大长老双手微颤地接过:谢太上长老!此生愿效
你可有心腹之人?李烟景打断问道。
大长老一怔,仍如实答:有几位得力弟子。
可有女修?
大长老心头一紧,暗忖他难不成要拿捏作为人质,谨慎道:有一名弟子凌妤。
凌妤李烟景指尖轻叩衣袍,
名字耳熟,那就让她来旧宗学习宗主事务吧,也好让叶熙分些担子,不让她事事亲力亲为,好专心修炼。
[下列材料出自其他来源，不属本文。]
(* Let $\Psi=\begin{bmatrix}\Psi_{11}&\Psi_{12}\\ \Psi_{12}^\top&\Psi_{22}\end{bmatrix}\in\mathbb{R}^{(p+q)\times(p+q)}$ be symmetric with $\Psi_{11}\in\mathbb{R}^{p\times p}$, such that $\Psi_{11}-\Psi_{12}\Psi_{22}^{-1}\Psi_{12}^\top>0$ and $\Psi_{22}<0$. Let $W\in\mathbb{R}^{p\times r}$ be a full rank matrix with $r\le p$. Suppose $Z_W\in\mathbb{R}^{r\times q}$ satisfies $$\begin{bmatrix}I\\Z_W^\top\end{bmatrix}^\top\begin{bmatrix}W^\top\Psi_{11}W&W^\top\Psi_{12}\\ \Psi_{12}^\top W&\Psi_{22}\end{bmatrix}\begin{bmatrix}I\\Z_W^\top\end{bmatrix}\ge0.$$ Then there exists $Z\in\mathbb{R}^{p\times q}$ such that $Z^\top W=Z_W^\top$ and $$\begin{bmatrix}I\\Z^\top\end{bmatrix}^\top\Psi\begin{bmatrix}I\\Z^\top\end{bmatrix}\ge0.$$ *)

From mathcomp Require Import all_boot all_order all_algebra.
Set Implicit Arguments. Unset Strict Implicit. Unset Printing Implicit Defensive.
Import Order.TTheory GRing.Theory Num.Theory.
Local Open Scope ring_scope.

Definition psdmx (R : realFieldType) (n : nat) (A : 'M[R]_n) : Prop :=
  forall x : 'cV[R]_n, 0 <= (x^T *m A *m x) 0 0.

Definition pdmx (R : realFieldType) (n : nat) (A : 'M[R]_n) : Prop :=
  forall x : 'cV[R]_n, x != 0 -> 0 < (x^T *m A *m x) 0 0.

Definition ndmx (R : realFieldType) (n : nat) (A : 'M[R]_n) : Prop :=
  pdmx (- A).

(* Let S = Psi11 - Psi12 Psi22^-1 Psi12^T be the Schur complement. Completing the
   square, the quadratic constraint on Z reads S + D Psi22 D^T >= 0 with
   D = Z + Psi12 Psi22^-1, and the one on Z_W reads W^T S W + E Psi22 E^T >= 0
   with E = Z_W + W^T Psi12 Psi22^-1. Take D = S W (W^T S W)^-1 E, so that
   W^T D = E. For any x, put y = (W^T S W)^-1 W^T S x: then D^T x = E^T y, and
   W y is the S-orthogonal projection of x onto the range of W, whence
   x^T S x >= y^T W^T S W y and the reduced inequality at y gives the full one at x. *)
From mathcomp Require Import all_boot all_order all_algebra.
From mathcomp Require Import lra.
Set Implicit Arguments. Unset Strict Implicit. Unset Printing Implicit Defensive.
Import Order.TTheory GRing.Theory Num.Theory.
Local Open Scope ring_scope.

Section QuadraticForms.
Variable R : realFieldType.

Definition qform n (A : 'M[R]_n) (x : 'cV[R]_n) : R := (x^T *m A *m x) 0 0.

Lemma qformD n (A B : 'M[R]_n) (x : 'cV[R]_n) :
  qform (A + B) x = qform A x + qform B x.
Proof. by rewrite /qform mulmxDr mulmxDl mxE. Qed.

Lemma qform_mulmx m n (B : 'M[R]_(m, n)) (N : 'M[R]_m) (x : 'cV[R]_n) :
  qform (B^T *m N *m B) x = qform N (B *m x).
Proof. by rewrite /qform trmx_mul !mulmxA. Qed.

Lemma qform_mulmx_tr m n (B : 'M[R]_(n, m)) (N : 'M[R]_m) (x : 'cV[R]_n) :
  qform (B *m N *m B^T) x = qform N (B^T *m x).
Proof. by rewrite -qform_mulmx trmxK. Qed.

Lemma pdmx_psdmx n (A : 'M[R]_n) : pdmx A -> psdmx A.
Proof.
move=> pdA x; have [->|nz_x] := eqVneq x 0; last exact/ltW/pdA.
by rewrite trmx0 !mul0mx mxE.
Qed.

Lemma pdmx_unitmx n (A : 'M[R]_n) : pdmx A -> A \in unitmx.
Proof.
move=> pdA; rewrite -row_free_unit; apply: inj_row_free => u uA0.
apply/eqP; apply: contraT => nz_u.
by have := pdA u^T; rewrite trmx_eq0 trmxK uA0 mul0mx mxE ltxx => /(_ nz_u).
Qed.

Lemma ndmx_unitmx n (A : 'M[R]_n) : ndmx A -> A \in unitmx.
Proof.
by move=> /pdmx_unitmx; rewrite -!row_free_unit /row_free mxrank_opp.
Qed.

Lemma pdmx_congr p r (S : 'M[R]_p) (W : 'M[R]_(p, r)) :
  pdmx S -> \rank W = r -> pdmx (W^T *m S *m W).
Proof.
move=> pdS rkW y nz_y; change (0 < qform (W^T *m S *m W) y).
have freeWT : row_free W^T by rewrite /row_free mxrank_tr rkW.
have nz_Wy : W *m y != 0 by rewrite -trmx_eq0 trmx_mul mulmx_free_eq0 // trmx_eq0.
by rewrite qform_mulmx; apply: pdS.
Qed.

Lemma qform_orth_le n (S : 'M[R]_n) (x v : 'cV[R]_n) :
  S^T = S -> psdmx S -> v^T *m S *m (x - v) = 0 -> qform S v <= qform S x.
Proof.
move=> sS psdS orth; set w := x - v in orth *.
have -> : x = v + w by rewrite addrC subrK.
have orth' : w^T *m S *m v = 0.
  by apply: trmx_inj; rewrite !trmx_mul trmxK sS mulmxA orth trmx0.
clearbody w; rewrite /qform !raddfD /= !mulmxDl orth orth' addr0 add0r.
by rewrite [leRHS]mxE lerDl; apply: psdS.
Qed.

Lemma graph_form_schur n m (A : 'M[R]_n) (B : 'M[R]_(n, m)) (N : 'M[R]_m)
    (X : 'M[R]_(m, n)) :
  N^T = N -> N \in unitmx ->
  (col_mx 1%:M X)^T *m block_mx A B B^T N *m col_mx 1%:M X
  = (A - B *m invmx N *m B^T)
    + (X^T + B *m invmx N) *m N *m (X^T + B *m invmx N)^T.
Proof.
move=> sN uN; set C := B *m invmx N.
have CN : C *m N = B by rewrite mulmxKV.
have CT : C^T = invmx N *m B^T by rewrite trmx_mul trmx_inv sN.
have NCT : N *m C^T = B^T by rewrite CT mulKVmx.
rewrite tr_col_mx trmx1 mul_row_block !mul1mx mul_row_col !mulmx1.
rewrite raddfD /= trmxK !mulmxDl CN -!mulmxA !mulmxDr NCT CT.
rewrite [in RHS](addrC (B *m X)) [RHS]addrACA addKr -!addrA.
by congr (A + _); rewrite [RHS]addrC -addrA.
Qed.

Lemma psdmx_lift p r q (S : 'M[R]_p) (W : 'M[R]_(p, r)) (E : 'M[R]_(r, q))
    (N : 'M[R]_q) :
  S^T = S -> psdmx S -> W^T *m S *m W \in unitmx ->
  psdmx (W^T *m S *m W + E *m N *m E^T) ->
  exists2 D : 'M[R]_(p, q), W^T *m D = E & psdmx (S + D *m N *m D^T).
Proof.
move=> sS psdS; set M := W^T *m S *m W => uM psdME.
have sM : M^T = M by rewrite /M !trmx_mul sS trmxK mulmxA.
exists (S *m W *m invmx M *m E); first by rewrite !mulmxA -/M mulmxV ?mul1mx.
move=> x; set y := invmx M *m (W^T *m S *m x).
have normal_eq : W^T *m S *m (W *m y) = W^T *m S *m x.
  by rewrite mulmxA /y mulKVmx.
have orth : (W *m y)^T *m S *m (x - W *m y) = 0.
  rewrite trmx_mul -!mulmxA [W^T *m _]mulmxA mulmxBr normal_eq.
  by rewrite subrr mulmx0.
have Dx : (S *m W *m invmx M *m E)^T *m x = E^T *m y.
  by rewrite /y !trmx_mul trmx_inv sM sS !mulmxA.
have psdMEy : 0 <= qform (M + E *m N *m E^T) y := psdME y.
have projS := qform_orth_le sS psdS orth.
rewrite -[leRHS]/(qform _ x) !qformD !qform_mulmx_tr Dx.
rewrite qformD qform_mulmx_tr /M qform_mulmx in psdMEy.
lra.
Qed.

End QuadraticForms.

Theorem lemmaA4 (R : realFieldType) (p q r : nat)
  (Psi11 : 'M[R]_p) (Psi12 : 'M[R]_(p, q)) (Psi22 : 'M[R]_q)
  (W : 'M[R]_(p, r)) (ZW : 'M[R]_(r, q)) :
  Psi11^T = Psi11 -> Psi22^T = Psi22 ->
  pdmx (Psi11 - Psi12 *m invmx Psi22 *m Psi12^T) ->
  ndmx Psi22 ->
  (r <= p)%N -> \rank W = r ->
  psdmx ((col_mx (1%:M : 'M[R]_r) ZW^T)^T
           *m block_mx (W^T *m Psi11 *m W) (W^T *m Psi12) (Psi12^T *m W) Psi22
           *m col_mx (1%:M : 'M[R]_r) ZW^T) ->
  exists Z : 'M[R]_(p, q),
    Z^T *m W = ZW^T /\
    psdmx ((col_mx (1%:M : 'M[R]_p) Z^T)^T
             *m block_mx Psi11 Psi12 Psi12^T Psi22
             *m col_mx (1%:M : 'M[R]_p) Z^T).
Proof.
move=> s11 s22 pdS nd22 _ rkW psdZW.
have u22 := ndmx_unitmx nd22.
set S := Psi11 - _ in pdS.
have sS : S^T = S by rewrite /S raddfB /= s11 !trmx_mul trmxK trmx_inv s22 mulmxA.
have uM := pdmx_unitmx (pdmx_congr pdS rkW).
have schurW : W^T *m Psi11 *m W - W^T *m Psi12 *m invmx Psi22 *m (W^T *m Psi12)^T
              = W^T *m S *m W.
  by rewrite /S mulmxBr mulmxBl trmx_mul trmxK !mulmxA.
have trW12 : Psi12^T *m W = (W^T *m Psi12)^T by rewrite trmx_mul trmxK.
rewrite trW12 graph_form_schur // trmxK schurW in psdZW.
have [D WD psdD] := psdmx_lift sS (pdmx_psdmx pdS) uM psdZW.
exists (D - Psi12 *m invmx Psi22); split.
  by apply: trmx_inj; rewrite trmx_mul !trmxK mulmxBr WD mulmxA addrK.
by rewrite graph_form_schur // trmxK subrK.
Qed.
大长老彻底怔在原地,他原以为李烟景别有图谋,没曾想竟是委以重任!
李烟景淡淡道:你也不必回主宗了,留在旧宗教导凌妤,兼任五宗巡查使,
除旧宗外,可在各分宗安插心腹,若有要事,十息内报予叶熙。
大长老内心狂喜——这分明是凌驾诸宗宗主之上,成为老祖之下第一人啊!
他躬身几乎贴地:晚辈必不负重托!
李烟景目光扫过在场几位长老:你们也协助大长老行事吧。
众人正要谢恩,却听他轻飘飘补了一句:将来若集体叛变,我倒省得逐个追杀了,一并清理了。
寒风骤起,几位长老冷汗涔涔。
大长老急声立誓:绝无可能!我等对天起誓——
李烟景这手打一巴掌给颗甜枣的手段确实见效——
众人既心怀畏惧,又难掩对权力的渴望,短短几句话间,他们的地位已翻天覆地。
李烟景信步闲逛,随意打量着四周。
大长老始终微低着头,姿态恭敬至极。
忽然,李烟景指向远处一群垂头丧气的人问道:那些是?
大长老回头瞥了一眼,身旁长老连忙递上竹简:回太上长老,是未检测出灵根之人。
如何安置?
发放灵石,由修士护送回原籍安居乐业,或留在海渊城自谋生计。
大长老苦笑:这些都是伪灵根,与凡人命元根基无异,修炼起来事倍功半,终其一生难有寸进
李烟景望着那群失落的少年,忽然道:
其他分宗应当比旧宗规模更大,尤其是当年的冥剑宗旧址,怕是广阔数倍有余,我昔日杀游历时见过。
他顿了顿,将这些伪灵根者送往各分宗吧,
打理药园、看守经阁,总归是条出路,既然有向道之心,便不该轻言放弃,
至于全无灵根者,按旧例安置即可。
大长老躬身应下,挥手示意执事去办。
此时,一个黝黑少年突然扑通跪地,连磕三个响头:多谢老祖开恩!多谢老祖!
李烟景垂眸:你叫何名?
少年抬头,眼眶发红:张虎!我叫张虎!
李烟景衣袂无风自动,努力修行从点滴做起,若实在无缘仙途便回家安稳度日罢。
话音未落,人已凌空而起,大长老急忙御风跟上,留下身后一群少年仰望着那道渐远的蓝影。
张虎紧握双拳,眼中燃起灼灼火光——
终有一日,我也要成为如您这般至善至强的存在!
这个信念,自此贯穿了他漫漫仙途的每一处足迹。
几个时辰的巡视后,李烟景独自返回叶熙的庭院,摇头轻笑:
这叶熙管理风格跟她爹真是一个模子刻出来的。
刚踏入庭院却是一愣——原本在中央盘膝修炼的叶熙不见踪影!
他神识下意识扫过内室,又猛地收回。